Please write out exactly the lines of the data below from the line holding "rewrite spectral_coord_norm (eq_bigr" through the line holding "move=> euv.", and leave out the rest.

*** Records shown ***

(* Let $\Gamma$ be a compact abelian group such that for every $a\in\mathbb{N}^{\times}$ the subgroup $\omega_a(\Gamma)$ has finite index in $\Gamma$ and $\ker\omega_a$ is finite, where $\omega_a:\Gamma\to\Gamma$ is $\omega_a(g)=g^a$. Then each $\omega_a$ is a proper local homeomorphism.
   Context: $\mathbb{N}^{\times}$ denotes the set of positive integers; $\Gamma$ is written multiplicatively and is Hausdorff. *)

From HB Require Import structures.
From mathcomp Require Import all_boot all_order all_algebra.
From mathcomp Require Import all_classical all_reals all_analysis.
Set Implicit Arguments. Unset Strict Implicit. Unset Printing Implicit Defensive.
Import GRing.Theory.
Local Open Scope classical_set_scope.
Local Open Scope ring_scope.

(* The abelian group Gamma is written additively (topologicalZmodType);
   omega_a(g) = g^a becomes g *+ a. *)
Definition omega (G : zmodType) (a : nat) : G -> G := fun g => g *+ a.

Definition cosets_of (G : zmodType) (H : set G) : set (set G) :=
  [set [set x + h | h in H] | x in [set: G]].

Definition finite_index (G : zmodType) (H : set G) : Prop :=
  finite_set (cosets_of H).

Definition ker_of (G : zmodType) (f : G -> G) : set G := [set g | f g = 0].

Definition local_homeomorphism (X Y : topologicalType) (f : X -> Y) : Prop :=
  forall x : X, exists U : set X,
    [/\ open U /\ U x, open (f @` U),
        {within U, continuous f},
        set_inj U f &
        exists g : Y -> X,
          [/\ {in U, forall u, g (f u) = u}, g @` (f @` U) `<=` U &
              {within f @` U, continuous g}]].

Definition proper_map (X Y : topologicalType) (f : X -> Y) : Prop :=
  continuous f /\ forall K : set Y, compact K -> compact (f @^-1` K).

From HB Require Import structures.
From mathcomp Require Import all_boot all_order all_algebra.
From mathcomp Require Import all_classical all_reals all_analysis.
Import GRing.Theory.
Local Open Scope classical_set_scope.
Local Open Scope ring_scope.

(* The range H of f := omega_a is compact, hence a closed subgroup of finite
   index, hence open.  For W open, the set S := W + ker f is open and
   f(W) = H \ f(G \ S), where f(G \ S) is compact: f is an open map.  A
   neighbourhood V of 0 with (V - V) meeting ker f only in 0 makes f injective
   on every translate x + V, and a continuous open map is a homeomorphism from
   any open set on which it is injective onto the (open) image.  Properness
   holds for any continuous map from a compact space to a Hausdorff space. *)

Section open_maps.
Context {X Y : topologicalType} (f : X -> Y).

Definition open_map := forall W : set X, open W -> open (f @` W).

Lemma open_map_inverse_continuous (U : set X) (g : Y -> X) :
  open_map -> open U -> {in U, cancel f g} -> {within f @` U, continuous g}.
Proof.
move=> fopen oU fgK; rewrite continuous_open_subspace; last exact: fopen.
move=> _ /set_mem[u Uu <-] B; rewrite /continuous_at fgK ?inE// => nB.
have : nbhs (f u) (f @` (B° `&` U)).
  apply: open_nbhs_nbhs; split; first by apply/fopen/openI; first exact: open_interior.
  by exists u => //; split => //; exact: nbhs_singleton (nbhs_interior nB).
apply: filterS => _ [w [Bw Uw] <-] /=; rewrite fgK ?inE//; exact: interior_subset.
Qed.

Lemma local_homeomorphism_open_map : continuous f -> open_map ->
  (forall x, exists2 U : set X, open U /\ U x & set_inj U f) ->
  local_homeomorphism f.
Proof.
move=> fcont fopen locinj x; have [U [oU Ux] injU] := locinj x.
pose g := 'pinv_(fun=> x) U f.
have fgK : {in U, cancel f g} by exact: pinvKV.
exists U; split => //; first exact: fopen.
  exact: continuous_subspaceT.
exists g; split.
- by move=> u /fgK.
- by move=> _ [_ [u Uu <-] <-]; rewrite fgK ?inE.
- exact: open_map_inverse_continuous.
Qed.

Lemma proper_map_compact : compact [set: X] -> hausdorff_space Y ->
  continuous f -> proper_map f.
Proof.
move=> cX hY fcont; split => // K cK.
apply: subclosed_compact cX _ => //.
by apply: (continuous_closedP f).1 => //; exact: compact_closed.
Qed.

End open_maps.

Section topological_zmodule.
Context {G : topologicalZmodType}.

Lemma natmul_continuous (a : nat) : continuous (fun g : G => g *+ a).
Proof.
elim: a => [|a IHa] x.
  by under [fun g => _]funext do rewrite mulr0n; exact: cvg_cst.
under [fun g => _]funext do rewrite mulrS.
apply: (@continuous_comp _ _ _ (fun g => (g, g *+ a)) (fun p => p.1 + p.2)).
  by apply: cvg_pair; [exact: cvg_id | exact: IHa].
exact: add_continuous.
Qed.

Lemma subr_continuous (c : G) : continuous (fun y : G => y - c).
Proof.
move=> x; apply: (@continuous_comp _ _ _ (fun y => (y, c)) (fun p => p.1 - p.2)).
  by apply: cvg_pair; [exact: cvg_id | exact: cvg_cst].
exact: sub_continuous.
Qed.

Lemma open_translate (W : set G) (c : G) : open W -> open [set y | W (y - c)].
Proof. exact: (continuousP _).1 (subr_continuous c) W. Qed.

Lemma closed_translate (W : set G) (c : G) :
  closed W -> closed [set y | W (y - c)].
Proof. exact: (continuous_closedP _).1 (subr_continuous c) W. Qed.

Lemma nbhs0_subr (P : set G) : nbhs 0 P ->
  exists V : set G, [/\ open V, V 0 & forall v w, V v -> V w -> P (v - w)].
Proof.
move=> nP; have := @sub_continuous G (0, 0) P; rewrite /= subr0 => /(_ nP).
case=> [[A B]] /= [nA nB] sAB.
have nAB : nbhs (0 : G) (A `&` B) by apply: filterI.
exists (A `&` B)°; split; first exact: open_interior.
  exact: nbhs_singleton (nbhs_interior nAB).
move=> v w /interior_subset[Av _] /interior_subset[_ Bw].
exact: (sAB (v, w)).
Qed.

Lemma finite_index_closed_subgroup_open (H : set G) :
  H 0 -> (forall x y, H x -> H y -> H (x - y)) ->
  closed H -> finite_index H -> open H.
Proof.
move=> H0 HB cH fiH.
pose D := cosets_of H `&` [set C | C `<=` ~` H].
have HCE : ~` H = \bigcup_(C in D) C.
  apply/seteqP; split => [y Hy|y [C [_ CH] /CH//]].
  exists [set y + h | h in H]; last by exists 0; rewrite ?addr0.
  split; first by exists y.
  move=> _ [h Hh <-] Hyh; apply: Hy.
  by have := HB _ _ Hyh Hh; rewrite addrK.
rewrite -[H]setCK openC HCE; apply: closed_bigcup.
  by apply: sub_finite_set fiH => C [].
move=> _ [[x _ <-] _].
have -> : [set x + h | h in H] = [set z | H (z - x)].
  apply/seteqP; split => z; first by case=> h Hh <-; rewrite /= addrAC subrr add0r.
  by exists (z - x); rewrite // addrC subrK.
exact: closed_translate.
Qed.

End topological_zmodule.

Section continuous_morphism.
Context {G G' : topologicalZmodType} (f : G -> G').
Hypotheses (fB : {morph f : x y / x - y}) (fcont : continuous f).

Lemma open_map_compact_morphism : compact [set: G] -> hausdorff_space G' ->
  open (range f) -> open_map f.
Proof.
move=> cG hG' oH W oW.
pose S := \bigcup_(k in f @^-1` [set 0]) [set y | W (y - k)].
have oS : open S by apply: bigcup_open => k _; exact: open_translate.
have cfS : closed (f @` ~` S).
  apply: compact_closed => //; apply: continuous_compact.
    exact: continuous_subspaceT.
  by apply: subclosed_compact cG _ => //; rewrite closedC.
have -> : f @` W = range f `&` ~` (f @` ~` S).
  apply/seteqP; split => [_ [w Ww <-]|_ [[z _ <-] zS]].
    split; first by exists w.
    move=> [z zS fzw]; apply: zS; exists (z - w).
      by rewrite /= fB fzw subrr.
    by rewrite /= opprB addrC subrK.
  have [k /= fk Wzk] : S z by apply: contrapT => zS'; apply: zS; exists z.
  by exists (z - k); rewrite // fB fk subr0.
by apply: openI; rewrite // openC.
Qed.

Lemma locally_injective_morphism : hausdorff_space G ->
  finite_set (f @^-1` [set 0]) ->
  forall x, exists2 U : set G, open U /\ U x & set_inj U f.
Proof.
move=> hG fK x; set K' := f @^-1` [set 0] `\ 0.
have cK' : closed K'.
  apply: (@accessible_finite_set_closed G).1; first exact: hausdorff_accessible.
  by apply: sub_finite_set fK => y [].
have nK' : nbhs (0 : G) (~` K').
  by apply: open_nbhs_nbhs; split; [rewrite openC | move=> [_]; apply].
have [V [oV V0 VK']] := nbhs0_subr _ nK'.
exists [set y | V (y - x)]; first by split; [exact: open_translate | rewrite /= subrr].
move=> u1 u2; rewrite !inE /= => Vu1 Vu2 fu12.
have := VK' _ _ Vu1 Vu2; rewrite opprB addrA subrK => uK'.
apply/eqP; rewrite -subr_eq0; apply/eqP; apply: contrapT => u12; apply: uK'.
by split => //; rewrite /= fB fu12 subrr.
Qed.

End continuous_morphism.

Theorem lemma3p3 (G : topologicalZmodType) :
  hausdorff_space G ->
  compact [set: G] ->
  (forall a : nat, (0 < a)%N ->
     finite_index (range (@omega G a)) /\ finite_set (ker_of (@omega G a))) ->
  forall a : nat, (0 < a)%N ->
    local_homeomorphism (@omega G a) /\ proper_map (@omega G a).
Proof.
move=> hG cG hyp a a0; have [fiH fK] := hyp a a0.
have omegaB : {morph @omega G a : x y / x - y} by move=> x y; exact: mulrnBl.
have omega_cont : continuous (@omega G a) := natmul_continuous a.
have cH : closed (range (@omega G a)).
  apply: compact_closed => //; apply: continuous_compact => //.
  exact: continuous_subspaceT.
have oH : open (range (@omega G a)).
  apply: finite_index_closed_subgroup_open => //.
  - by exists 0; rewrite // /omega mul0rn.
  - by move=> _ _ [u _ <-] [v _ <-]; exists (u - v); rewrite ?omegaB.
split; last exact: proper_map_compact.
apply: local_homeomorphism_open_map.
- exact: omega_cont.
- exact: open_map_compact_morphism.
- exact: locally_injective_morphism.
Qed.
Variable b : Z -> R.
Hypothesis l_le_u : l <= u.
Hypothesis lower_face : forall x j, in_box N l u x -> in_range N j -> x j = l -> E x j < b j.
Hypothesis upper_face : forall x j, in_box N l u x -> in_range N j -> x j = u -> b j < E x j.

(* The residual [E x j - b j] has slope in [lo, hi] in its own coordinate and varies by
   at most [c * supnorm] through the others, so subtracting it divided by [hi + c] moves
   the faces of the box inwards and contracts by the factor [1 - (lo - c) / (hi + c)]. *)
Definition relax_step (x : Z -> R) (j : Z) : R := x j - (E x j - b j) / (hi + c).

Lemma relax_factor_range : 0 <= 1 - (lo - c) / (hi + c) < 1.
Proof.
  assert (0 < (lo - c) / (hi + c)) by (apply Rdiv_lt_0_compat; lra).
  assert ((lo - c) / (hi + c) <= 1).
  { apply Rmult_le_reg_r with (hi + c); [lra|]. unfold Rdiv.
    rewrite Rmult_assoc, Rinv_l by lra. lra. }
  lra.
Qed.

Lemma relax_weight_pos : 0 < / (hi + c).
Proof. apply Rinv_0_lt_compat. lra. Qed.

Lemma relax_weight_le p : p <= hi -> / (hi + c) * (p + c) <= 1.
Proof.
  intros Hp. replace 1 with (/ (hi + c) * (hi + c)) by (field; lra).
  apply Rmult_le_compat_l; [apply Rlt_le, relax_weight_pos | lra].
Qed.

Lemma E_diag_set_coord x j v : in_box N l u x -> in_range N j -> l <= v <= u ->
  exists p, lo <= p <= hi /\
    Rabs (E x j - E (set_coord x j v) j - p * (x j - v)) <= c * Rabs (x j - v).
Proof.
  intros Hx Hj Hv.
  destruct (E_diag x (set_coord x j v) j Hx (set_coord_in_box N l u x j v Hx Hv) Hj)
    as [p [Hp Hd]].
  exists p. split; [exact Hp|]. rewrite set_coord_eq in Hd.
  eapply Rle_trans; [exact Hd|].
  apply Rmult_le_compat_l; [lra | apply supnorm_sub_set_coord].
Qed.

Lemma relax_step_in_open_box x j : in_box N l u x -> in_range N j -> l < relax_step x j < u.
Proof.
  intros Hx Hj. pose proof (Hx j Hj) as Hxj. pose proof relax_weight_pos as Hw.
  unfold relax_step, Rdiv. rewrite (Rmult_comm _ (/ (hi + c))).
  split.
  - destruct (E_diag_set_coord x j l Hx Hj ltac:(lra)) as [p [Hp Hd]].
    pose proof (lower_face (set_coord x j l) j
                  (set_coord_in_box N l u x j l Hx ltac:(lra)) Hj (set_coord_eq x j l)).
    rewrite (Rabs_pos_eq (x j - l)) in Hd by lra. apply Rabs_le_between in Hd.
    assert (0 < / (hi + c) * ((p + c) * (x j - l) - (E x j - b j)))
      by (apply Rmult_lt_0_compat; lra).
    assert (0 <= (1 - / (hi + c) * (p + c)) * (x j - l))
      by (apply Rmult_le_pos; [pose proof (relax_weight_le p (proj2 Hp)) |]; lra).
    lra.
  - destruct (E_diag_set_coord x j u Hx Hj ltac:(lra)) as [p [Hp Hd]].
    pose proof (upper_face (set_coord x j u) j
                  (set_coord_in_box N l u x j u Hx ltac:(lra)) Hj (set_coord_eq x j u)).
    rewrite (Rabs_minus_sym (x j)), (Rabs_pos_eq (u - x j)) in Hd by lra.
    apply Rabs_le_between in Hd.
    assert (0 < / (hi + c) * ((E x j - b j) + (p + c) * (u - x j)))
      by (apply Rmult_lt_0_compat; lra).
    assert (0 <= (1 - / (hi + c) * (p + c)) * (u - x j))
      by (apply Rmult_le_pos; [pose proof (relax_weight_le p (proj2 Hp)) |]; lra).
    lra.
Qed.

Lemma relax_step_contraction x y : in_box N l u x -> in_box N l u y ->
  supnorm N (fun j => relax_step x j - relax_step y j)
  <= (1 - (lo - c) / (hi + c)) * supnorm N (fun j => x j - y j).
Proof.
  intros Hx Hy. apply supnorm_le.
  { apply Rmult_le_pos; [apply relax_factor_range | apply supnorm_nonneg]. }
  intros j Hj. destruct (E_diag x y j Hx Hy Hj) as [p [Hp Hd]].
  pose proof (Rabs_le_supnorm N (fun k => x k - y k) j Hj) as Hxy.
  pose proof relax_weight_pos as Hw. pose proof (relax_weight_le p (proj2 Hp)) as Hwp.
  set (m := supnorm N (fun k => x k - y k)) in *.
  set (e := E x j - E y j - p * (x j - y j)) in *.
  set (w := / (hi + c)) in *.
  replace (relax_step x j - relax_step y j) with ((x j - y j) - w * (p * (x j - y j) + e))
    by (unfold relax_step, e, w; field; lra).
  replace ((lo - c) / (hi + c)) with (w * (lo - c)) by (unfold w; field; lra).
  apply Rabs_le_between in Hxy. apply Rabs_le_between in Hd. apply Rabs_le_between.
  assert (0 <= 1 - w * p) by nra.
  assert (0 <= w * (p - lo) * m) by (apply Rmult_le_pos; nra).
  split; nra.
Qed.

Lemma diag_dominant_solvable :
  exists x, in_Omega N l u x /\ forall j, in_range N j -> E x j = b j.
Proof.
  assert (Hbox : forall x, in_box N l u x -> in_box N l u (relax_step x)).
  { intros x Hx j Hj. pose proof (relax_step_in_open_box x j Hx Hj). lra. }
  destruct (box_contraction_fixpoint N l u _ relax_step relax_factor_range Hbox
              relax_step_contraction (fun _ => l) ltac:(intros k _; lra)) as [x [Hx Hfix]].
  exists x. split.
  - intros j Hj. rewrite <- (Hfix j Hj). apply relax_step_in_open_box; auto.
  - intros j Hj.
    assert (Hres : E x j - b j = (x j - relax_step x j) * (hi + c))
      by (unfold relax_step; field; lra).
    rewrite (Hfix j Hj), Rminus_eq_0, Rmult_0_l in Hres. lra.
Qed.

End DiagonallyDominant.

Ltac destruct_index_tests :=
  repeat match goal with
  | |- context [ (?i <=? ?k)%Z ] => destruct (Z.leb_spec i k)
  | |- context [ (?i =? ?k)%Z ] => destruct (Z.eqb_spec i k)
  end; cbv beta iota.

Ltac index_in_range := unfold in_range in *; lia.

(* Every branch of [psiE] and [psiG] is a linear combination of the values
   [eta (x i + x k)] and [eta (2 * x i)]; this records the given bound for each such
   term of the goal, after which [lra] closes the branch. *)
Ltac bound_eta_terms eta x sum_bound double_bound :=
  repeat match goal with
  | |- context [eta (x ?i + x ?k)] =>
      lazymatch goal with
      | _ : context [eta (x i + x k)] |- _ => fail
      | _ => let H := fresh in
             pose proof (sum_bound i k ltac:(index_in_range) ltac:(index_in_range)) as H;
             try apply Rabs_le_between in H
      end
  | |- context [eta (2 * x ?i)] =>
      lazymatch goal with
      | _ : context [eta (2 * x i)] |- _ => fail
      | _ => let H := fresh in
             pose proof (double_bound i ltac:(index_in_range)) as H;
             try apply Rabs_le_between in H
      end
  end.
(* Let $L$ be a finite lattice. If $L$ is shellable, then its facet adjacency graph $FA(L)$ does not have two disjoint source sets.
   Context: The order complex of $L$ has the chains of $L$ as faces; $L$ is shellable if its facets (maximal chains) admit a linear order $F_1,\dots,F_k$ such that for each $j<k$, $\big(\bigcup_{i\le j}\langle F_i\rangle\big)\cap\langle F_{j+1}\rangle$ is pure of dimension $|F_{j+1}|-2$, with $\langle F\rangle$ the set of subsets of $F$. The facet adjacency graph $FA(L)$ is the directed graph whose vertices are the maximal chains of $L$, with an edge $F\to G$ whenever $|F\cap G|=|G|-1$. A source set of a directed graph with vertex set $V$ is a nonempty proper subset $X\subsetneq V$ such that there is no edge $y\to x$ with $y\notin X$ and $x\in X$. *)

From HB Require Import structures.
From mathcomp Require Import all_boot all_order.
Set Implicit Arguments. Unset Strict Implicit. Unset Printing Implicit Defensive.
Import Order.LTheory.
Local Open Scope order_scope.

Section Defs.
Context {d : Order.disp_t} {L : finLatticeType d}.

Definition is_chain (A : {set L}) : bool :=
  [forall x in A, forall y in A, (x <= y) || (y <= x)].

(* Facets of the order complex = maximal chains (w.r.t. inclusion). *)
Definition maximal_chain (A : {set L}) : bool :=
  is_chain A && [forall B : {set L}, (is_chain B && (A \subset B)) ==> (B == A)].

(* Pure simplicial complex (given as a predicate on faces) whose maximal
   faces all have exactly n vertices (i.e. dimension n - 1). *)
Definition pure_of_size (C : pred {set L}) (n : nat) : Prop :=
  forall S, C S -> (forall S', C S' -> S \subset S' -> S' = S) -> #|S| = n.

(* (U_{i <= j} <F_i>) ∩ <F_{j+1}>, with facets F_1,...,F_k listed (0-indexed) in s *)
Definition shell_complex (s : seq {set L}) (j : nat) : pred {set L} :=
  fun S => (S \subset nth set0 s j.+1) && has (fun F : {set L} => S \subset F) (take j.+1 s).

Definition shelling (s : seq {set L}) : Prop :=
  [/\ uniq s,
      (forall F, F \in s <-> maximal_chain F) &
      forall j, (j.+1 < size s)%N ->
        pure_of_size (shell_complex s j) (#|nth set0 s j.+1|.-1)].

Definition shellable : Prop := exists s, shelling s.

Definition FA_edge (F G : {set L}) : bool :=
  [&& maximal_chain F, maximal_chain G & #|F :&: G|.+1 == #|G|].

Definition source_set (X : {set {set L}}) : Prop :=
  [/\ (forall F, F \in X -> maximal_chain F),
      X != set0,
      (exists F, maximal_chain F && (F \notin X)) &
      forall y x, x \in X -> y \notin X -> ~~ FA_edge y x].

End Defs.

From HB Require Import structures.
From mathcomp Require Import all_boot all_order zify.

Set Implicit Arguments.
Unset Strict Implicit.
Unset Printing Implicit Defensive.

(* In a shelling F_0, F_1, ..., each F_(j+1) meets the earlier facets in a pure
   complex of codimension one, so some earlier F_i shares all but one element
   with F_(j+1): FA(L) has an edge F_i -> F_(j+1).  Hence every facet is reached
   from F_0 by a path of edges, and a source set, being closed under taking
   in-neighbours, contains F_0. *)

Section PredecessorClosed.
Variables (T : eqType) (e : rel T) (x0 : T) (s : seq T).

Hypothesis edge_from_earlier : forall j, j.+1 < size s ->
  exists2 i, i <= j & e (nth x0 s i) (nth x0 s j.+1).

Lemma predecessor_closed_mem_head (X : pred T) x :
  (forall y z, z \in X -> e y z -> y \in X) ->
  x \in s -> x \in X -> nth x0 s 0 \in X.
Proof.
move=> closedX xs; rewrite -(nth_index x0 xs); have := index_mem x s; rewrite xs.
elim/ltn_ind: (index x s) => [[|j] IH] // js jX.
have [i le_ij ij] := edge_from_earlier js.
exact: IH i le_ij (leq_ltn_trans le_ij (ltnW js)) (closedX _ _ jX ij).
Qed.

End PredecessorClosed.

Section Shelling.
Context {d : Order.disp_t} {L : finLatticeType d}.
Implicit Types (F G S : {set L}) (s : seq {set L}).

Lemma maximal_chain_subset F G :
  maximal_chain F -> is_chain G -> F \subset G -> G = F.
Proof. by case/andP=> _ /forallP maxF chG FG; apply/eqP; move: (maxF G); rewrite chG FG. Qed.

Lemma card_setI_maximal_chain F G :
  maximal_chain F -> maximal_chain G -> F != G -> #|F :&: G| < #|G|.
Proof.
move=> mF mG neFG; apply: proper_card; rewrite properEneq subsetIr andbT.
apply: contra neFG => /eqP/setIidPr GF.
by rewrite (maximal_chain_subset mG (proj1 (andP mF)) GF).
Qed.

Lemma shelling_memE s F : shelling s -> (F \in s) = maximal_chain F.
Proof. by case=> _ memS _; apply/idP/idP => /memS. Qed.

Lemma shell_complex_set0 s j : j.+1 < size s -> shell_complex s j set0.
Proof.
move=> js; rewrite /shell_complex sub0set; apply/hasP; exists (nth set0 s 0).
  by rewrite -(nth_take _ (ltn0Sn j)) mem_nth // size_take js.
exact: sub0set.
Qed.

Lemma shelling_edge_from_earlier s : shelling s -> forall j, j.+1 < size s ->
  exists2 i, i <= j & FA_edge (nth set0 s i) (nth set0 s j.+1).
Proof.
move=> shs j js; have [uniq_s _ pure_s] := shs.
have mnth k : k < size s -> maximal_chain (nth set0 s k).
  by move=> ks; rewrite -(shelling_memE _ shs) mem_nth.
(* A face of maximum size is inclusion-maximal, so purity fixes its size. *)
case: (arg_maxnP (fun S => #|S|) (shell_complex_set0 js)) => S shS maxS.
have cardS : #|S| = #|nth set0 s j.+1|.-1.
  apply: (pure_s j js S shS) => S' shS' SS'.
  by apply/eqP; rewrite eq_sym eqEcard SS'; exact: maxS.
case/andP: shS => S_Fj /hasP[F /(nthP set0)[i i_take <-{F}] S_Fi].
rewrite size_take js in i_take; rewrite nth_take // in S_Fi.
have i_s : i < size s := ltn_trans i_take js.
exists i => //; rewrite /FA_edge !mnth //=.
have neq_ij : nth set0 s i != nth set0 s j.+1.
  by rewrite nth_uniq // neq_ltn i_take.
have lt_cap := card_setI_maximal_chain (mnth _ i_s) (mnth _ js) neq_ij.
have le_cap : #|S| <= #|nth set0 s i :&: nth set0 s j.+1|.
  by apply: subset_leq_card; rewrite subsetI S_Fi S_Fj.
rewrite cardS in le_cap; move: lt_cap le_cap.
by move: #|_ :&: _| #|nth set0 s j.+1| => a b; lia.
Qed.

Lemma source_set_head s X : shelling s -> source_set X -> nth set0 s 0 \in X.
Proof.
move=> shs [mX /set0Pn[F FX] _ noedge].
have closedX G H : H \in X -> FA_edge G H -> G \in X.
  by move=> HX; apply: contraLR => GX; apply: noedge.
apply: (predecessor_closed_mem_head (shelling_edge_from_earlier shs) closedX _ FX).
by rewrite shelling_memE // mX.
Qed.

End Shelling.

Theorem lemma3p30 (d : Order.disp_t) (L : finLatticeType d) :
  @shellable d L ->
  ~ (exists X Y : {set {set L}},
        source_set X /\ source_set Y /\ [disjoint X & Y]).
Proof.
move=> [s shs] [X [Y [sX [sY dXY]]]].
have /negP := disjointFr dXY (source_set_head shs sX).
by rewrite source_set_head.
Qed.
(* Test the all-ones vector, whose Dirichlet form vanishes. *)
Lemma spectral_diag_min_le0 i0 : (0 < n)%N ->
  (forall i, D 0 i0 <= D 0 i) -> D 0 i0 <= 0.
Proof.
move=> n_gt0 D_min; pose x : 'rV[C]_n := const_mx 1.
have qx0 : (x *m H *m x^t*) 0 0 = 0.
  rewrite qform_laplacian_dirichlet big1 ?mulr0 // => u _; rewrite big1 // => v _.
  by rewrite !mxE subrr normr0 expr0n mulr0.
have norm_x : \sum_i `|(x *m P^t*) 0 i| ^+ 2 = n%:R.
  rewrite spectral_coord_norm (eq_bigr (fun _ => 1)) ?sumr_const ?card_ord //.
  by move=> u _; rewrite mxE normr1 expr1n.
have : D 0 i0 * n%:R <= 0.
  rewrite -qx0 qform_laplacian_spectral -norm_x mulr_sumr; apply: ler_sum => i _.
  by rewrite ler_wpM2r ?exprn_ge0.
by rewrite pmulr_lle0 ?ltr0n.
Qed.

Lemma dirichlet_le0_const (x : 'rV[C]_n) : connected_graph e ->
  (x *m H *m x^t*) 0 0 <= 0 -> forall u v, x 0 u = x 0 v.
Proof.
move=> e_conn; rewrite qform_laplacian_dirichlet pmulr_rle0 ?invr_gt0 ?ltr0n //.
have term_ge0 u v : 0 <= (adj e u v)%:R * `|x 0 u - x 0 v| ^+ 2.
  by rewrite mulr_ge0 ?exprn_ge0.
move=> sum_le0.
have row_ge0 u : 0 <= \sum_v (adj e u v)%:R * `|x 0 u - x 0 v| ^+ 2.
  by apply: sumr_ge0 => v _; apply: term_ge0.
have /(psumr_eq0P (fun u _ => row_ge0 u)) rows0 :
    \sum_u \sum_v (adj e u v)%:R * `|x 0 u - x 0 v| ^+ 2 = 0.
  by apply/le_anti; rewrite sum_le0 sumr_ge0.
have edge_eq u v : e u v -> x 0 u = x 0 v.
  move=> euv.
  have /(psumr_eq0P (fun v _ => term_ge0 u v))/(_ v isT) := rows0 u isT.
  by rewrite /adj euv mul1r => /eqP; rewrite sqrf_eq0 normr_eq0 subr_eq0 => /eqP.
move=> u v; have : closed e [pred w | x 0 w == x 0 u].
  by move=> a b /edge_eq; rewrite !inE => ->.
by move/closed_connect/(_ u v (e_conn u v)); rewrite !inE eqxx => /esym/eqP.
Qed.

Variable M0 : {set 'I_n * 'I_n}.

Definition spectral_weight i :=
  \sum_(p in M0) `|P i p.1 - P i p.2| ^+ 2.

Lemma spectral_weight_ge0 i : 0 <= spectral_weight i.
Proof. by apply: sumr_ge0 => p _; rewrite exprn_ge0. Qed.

***

- Solution to the problem:
  rewrite spectral_coord_norm (eq_bigr (fun _ => 1)) ?sumr_const ?card_ord //.
  by move=> u _; rewrite mxE normr1 expr1n.
have : D 0 i0 * n%:R <= 0.
  rewrite -qx0 qform_laplacian_spectral -norm_x mulr_sumr; apply: ler_sum => i _.
  by rewrite ler_wpM2r ?exprn_ge0.
by rewrite pmulr_lle0 ?ltr0n.
Qed.

Lemma dirichlet_le0_const (x : 'rV[C]_n) : connected_graph e ->
  (x *m H *m x^t*) 0 0 <= 0 -> forall u v, x 0 u = x 0 v.
Proof.
move=> e_conn; rewrite qform_laplacian_dirichlet pmulr_rle0 ?invr_gt0 ?ltr0n //.
have term_ge0 u v : 0 <= (adj e u v)%:R * `|x 0 u - x 0 v| ^+ 2.
  by rewrite mulr_ge0 ?exprn_ge0.
move=> sum_le0.
have row_ge0 u : 0 <= \sum_v (adj e u v)%:R * `|x 0 u - x 0 v| ^+ 2.
  by apply: sumr_ge0 => v _; apply: term_ge0.
have /(psumr_eq0P (fun u _ => row_ge0 u)) rows0 :
    \sum_u \sum_v (adj e u v)%:R * `|x 0 u - x 0 v| ^+ 2 = 0.
  by apply/le_anti; rewrite sum_le0 sumr_ge0.
have edge_eq u v : e u v -> x 0 u = x 0 v.
  move=> euv.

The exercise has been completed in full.